Content starts

(* Let $\mathbb{K}\in\{\mathbb{R},\mathbb{C}\}$, $\mathbf{R}_U\in\mathbb{K}^{n\times n}$ self-adjoint positive definite, $U:=\mathbb{K}^n$ with $\langle\mathbf{x},\mathbf{y}\rangle_U:=\langle\mathbf{R}_U\mathbf{x},\mathbf{y}\rangle$ and norm $\|\cdot\|_U$. Fix $\mu$, $\mathbf{A}(\mu)\in\mathbb{K}^{n\times n}$, $\mathbf{u}(\mu)\in U$, a subspace $U_r\subseteq U$ of dimension $r$ with basis matrix $\mathbf{U}_r\in\mathbb{K}^{n\times r}$, and $\mathbf{\Theta}\in\mathbb{K}^{k\times n}$. Define $\|\mathbf{y}\|_{U_r'}^{\mathbf{\Theta}}:=\max_{\mathbf{x}\in U_r\setminus\{\mathbf{0}\}}|\langle\mathbf{\Theta}\mathbf{R}_U^{-1}\mathbf{y},\mathbf{\Theta}\mathbf{x}\rangle|/\|\mathbf{\Theta}\mathbf{x}\|$, $\alpha_r^{\mathbf{\Theta}}(\mu):=\min_{\mathbf{x}\in U_r\setminus\{\mathbf{0}\}}\|\mathbf{A}(\mu)\mathbf{x}\|_{U_r'}^{\mathbf{\Theta}}/\|\mathbf{x}\|_U$ and $\beta_r^{\mathbf{\Theta}}(\mu):=\max_{\mathbf{x}\in(\mathrm{span}\{\mathbf{u}(\mu)\}+U_r)\setminus\{\mathbf{0}\}}\|\mathbf{A}(\mu)\mathbf{x}\|_{U_r'}^{\mathbf{\Theta}}/\|\mathbf{x}\|_U$. Suppose that for some $\varepsilon\in[0,1)$, $|\langle\mathbf{x},\mathbf{y}\rangle_U-\langle\mathbf{\Theta}\mathbf{x},\mathbf{\Theta}\mathbf{y}\rangle|\le\varepsilon\|\mathbf{x}\|_U\|\mathbf{y}\|_U$ for all $\mathbf{x},\mathbf{y}\in U_r$, and that $\mathbf{U}_r$ is orthogonal with respect to $\langle\mathbf{x},\mathbf{y}\rangle_U^{\mathbf{\Theta}}:=\langle\mathbf{\Theta}\mathbf{x},\mathbf{\Theta}\mathbf{y}\rangle$, i.e., $(\mathbf{\Theta}\mathbf{U}_r)^{\mathrm{H}}\mathbf{\Theta}\mathbf{U}_r=\mathbf{I}$. Then the condition number of $\mathbf{A}_r(\mu):=\mathbf{U}_r^{\mathrm{H}}\mathbf{\Theta}^{\mathrm{H}}\mathbf{\Theta}\mathbf{R}_U^{-1}\mathbf{A}(\mu)\mathbf{U}_r\in\mathbb{K}^{r\times r}$ is bounded by $\sqrt{\frac{1+\varepsilon}{1-\varepsilon}}\,\frac{\beta_r^{\mathbf{\Theta}}(\mu)}{\alpha_r^{\mathbf{\Theta}}(\mu)}$.
   Context: $\langle\mathbf{x},\mathbf{y}\rangle=\mathbf{x}^{\mathrm{H}}\mathbf{y}$ is the canonical inner product and $\|\cdot\|$ the Euclidean norm. The condition number of a square matrix is the ratio of its largest to smallest singular value. *)

From HB Require Import structures.
From mathcomp Require Import all_boot all_order all_algebra.
Set Implicit Arguments. Unset Strict Implicit. Unset Printing Implicit Defensive.
Import Order.TTheory GRing.Theory Num.Theory.
Local Open Scope ring_scope.

Section Prop43.
(* K is the scalar field, [cj] its conjugation (identity over the reals),
   [sq] its square root on nonnegative reals. *)
Variables (K : numFieldType) (cj : K -> K) (sq : K -> K).

Definition adj (m p : nat) (M : 'M[K]_(m, p)) : 'M[K]_(p, m) := map_mx cj M^T.

Definition dot (m : nat) (x y : 'cV[K]_m) : K := \sum_i cj (x i 0) * y i 0.

Definition enorm (m : nat) (x : 'cV[K]_m) : K := sq (dot x x).

Definition is_max (P : K -> Prop) (m : K) : Prop := P m /\ forall v, P v -> v <= m.
Definition is_min (P : K -> Prop) (m : K) : Prop := P m /\ forall v, P v -> m <= v.

Definition singval (p q : nat) (M : 'M[K]_(p, q)) (s : K) : Prop :=
  0 <= s /\ eigenvalue (adj M *m M) (s ^+ 2).

Definition is_cond (p : nat) (M : 'M[K]_p) (c : K) : Prop :=
  exists smax smin, is_max (singval M) smax /\ is_min (singval M) smin /\
    c = smax / smin.

Variables (n r k : nat) (RU : 'M[K]_n) (Ur : 'M[K]_(n, r)) (Th : 'M[K]_(k, n)).

Definition dotU (x y : 'cV[K]_n) : K := dot (RU *m x) y.
Definition normU (x : 'cV[K]_n) : K := sq (dotU x x).

Definition inUr (x : 'cV[K]_n) : Prop := exists a : 'cV[K]_r, x = Ur *m a.

Definition is_dualnormTh (y : 'cV[K]_n) (d : K) : Prop :=
  is_max (fun v => exists x, inUr x /\ x != 0 /\
     v = `|dot (Th *m (invmx RU *m y)) (Th *m x)| / enorm (Th *m x)) d.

Content ends

• _Task statement_: Copy, character for character, the lines from the line that holds "Definition normU (x" through the final line of the records above.

• _Written reply_:
Definition normU (x : 'cV[K]_n) : K := sq (dotU x x).

Definition inUr (x : 'cV[K]_n) : Prop := exists a : 'cV[K]_r, x = Ur *m a.

Definition is_dualnormTh (y : 'cV[K]_n) (d : K) : Prop :=
  is_max (fun v => exists x, inUr x /\ x != 0 /\
     v = `|dot (Th *m (invmx RU *m y)) (Th *m x)| / enorm (Th *m x)) d.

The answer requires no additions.